(Stored data entries)
● ● ● ● ●

(* Let $u$ be a sufficiently regular function on $\mathcal{K}_{[s_0,s_1]}$, let $0\le k\le p$ and let $Z^K$ be any composition, in any order, of $p-k$ partial derivatives $\partial_\alpha$ and $k$ boosts $L_a$. Then, with a constant $C$ depending only on $p$, for all $\alpha,\beta\in\{0,1,2\}$, $$(s/t)^2|\partial_\alpha\partial_\beta Z^Ku|\le C|\Box u|_{p,k}+Ct^{-1}|\partial u|_{p+1,k+1},$$ and $$(s/t)^2|\partial\partial u|_{p,k}\le C|\Box u|_{p,k}+Ct^{-1}|\partial u|_{p+1,k+1}.$$
   Context: Coordinates $(t,x)$, $r=|x|$, $s=\sqrt{t^2-r^2}$, $\Box=\partial_t^2-\partial_1^2-\partial_2^2$, $\partial_0=\partial_t$, $L_a=x^a\partial_t+t\partial_a$ ($a=1,2$). $\mathcal{K}_{[s_0,s_1]}=\{(t,x): t>r+1,\ s_0^2\le t^2-r^2\le s_1^2\}$. For a function $w$: $|w|_{p,k}:=\max|Z^Kw|$ over all compositions $Z^K$, in any order, of $i$ partial derivatives and $j$ boosts with $i+j\le p$, $j\le k$; $|\partial w|_{p,k}:=\max_\alpha|\partial_\alpha w|_{p,k}$; $|\partial\partial w|_{p,k}:=\max_{\alpha,\beta}|\partial_\alpha\partial_\beta w|_{p,k}$. *)

From Stdlib Require Import Reals Lra List.
From Coquelicot Require Import Coquelicot.
Open Scope R_scope.

(* Functions on R^{1+2} are curried: w t x1 x2. *)
Definition fn3 := R -> R -> R -> R.

Inductive dir := Dt | Dx1 | Dx2.
Inductive bdir := B1 | B2.
Inductive vf := Pd (a : dir) | Bst (a : bdir).

Definition pd (a : dir) (w : fn3) : fn3 :=
  match a with
  | Dt  => fun t x y => Derive (fun s => w s x y) t
  | Dx1 => fun t x y => Derive (fun s => w t s y) x
  | Dx2 => fun t x y => Derive (fun s => w t x s) y
  end.

Definition boost (a : bdir) (w : fn3) : fn3 :=
  match a with
  | B1 => fun t x y => x * pd Dt w t x y + t * pd Dx1 w t x y
  | B2 => fun t x y => y * pd Dt w t x y + t * pd Dx2 w t x y
  end.

Definition apply_vf (z : vf) (w : fn3) : fn3 :=
  match z with Pd a => pd a w | Bst a => boost a w end.

Definition applyZ (K : list vf) (w : fn3) : fn3 := fold_right apply_vf w K.

Definition is_boost (z : vf) : bool := match z with Bst _ => true | _ => false end.
Definition nboost (K : list vf) : nat := length (filter is_boost K).
Definition nder (K : list vf) : nat := length (filter (fun z => negb (is_boost z)) K).

Definition all_vf : list vf := Pd Dt :: Pd Dx1 :: Pd Dx2 :: Bst B1 :: Bst B2 :: nil.
Definition all_dir : list dir := Dt :: Dx1 :: Dx2 :: nil.

Fixpoint words (n : nat) : list (list vf) :=
  match n with
  | O => nil :: nil
  | S m => flat_map (fun K => map (fun z => z :: K) all_vf) (words m)
  end.

Definition admissible (p k : nat) : list (list vf) :=
  filter (fun K => Nat.leb (nboost K) k) (flat_map words (seq 0 (S p))).

Definition maxR (l : list R) : R := fold_right Rmax 0 l.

● ● ● ● ●

Assignment: Print all entries again, exactly.

Response area:
(* Let $u$ be a sufficiently regular function on $\mathcal{K}_{[s_0,s_1]}$, let $0\le k\le p$ and let $Z^K$ be any composition, in any order, of $p-k$ partial derivatives $\partial_\alpha$ and $k$ boosts $L_a$. Then, with a constant $C$ depending only on $p$, for all $\alpha,\beta\in\{0,1,2\}$, $$(s/t)^2|\partial_\alpha\partial_\beta Z^Ku|\le C|\Box u|_{p,k}+Ct^{-1}|\partial u|_{p+1,k+1},$$ and $$(s/t)^2|\partial\partial u|_{p,k}\le C|\Box u|_{p,k}+Ct^{-1}|\partial u|_{p+1,k+1}.$$
   Context: Coordinates $(t,x)$, $r=|x|$, $s=\sqrt{t^2-r^2}$, $\Box=\partial_t^2-\partial_1^2-\partial_2^2$, $\partial_0=\partial_t$, $L_a=x^a\partial_t+t\partial_a$ ($a=1,2$). $\mathcal{K}_{[s_0,s_1]}=\{(t,x): t>r+1,\ s_0^2\le t^2-r^2\le s_1^2\}$. For a function $w$: $|w|_{p,k}:=\max|Z^Kw|$ over all compositions $Z^K$, in any order, of $i$ partial derivatives and $j$ boosts with $i+j\le p$, $j\le k$; $|\partial w|_{p,k}:=\max_\alpha|\partial_\alpha w|_{p,k}$; $|\partial\partial w|_{p,k}:=\max_{\alpha,\beta}|\partial_\alpha\partial_\beta w|_{p,k}$. *)

From Stdlib Require Import Reals Lra List.
From Coquelicot Require Import Coquelicot.
Open Scope R_scope.

(* Functions on R^{1+2} are curried: w t x1 x2. *)
Definition fn3 := R -> R -> R -> R.

Inductive dir := Dt | Dx1 | Dx2.
Inductive bdir := B1 | B2.
Inductive vf := Pd (a : dir) | Bst (a : bdir).

Definition pd (a : dir) (w : fn3) : fn3 :=
  match a with
  | Dt  => fun t x y => Derive (fun s => w s x y) t
  | Dx1 => fun t x y => Derive (fun s => w t s y) x
  | Dx2 => fun t x y => Derive (fun s => w t x s) y
  end.

Definition boost (a : bdir) (w : fn3) : fn3 :=
  match a with
  | B1 => fun t x y => x * pd Dt w t x y + t * pd Dx1 w t x y
  | B2 => fun t x y => y * pd Dt w t x y + t * pd Dx2 w t x y
  end.

Definition apply_vf (z : vf) (w : fn3) : fn3 :=
  match z with Pd a => pd a w | Bst a => boost a w end.

Definition applyZ (K : list vf) (w : fn3) : fn3 := fold_right apply_vf w K.

Definition is_boost (z : vf) : bool := match z with Bst _ => true | _ => false end.
Definition nboost (K : list vf) : nat := length (filter is_boost K).
Definition nder (K : list vf) : nat := length (filter (fun z => negb (is_boost z)) K).

Definition all_vf : list vf := Pd Dt :: Pd Dx1 :: Pd Dx2 :: Bst B1 :: Bst B2 :: nil.
Definition all_dir : list dir := Dt :: Dx1 :: Dx2 :: nil.

Fixpoint words (n : nat) : list (list vf) :=
  match n with
  | O => nil :: nil
  | S m => flat_map (fun K => map (fun z => z :: K) all_vf) (words m)
  end.

Definition admissible (p k : nat) : list (list vf) :=
  filter (fun K => Nat.leb (nboost K) k) (flat_map words (seq 0 (S p))).

Definition maxR (l : list R) : R := fold_right Rmax 0 l.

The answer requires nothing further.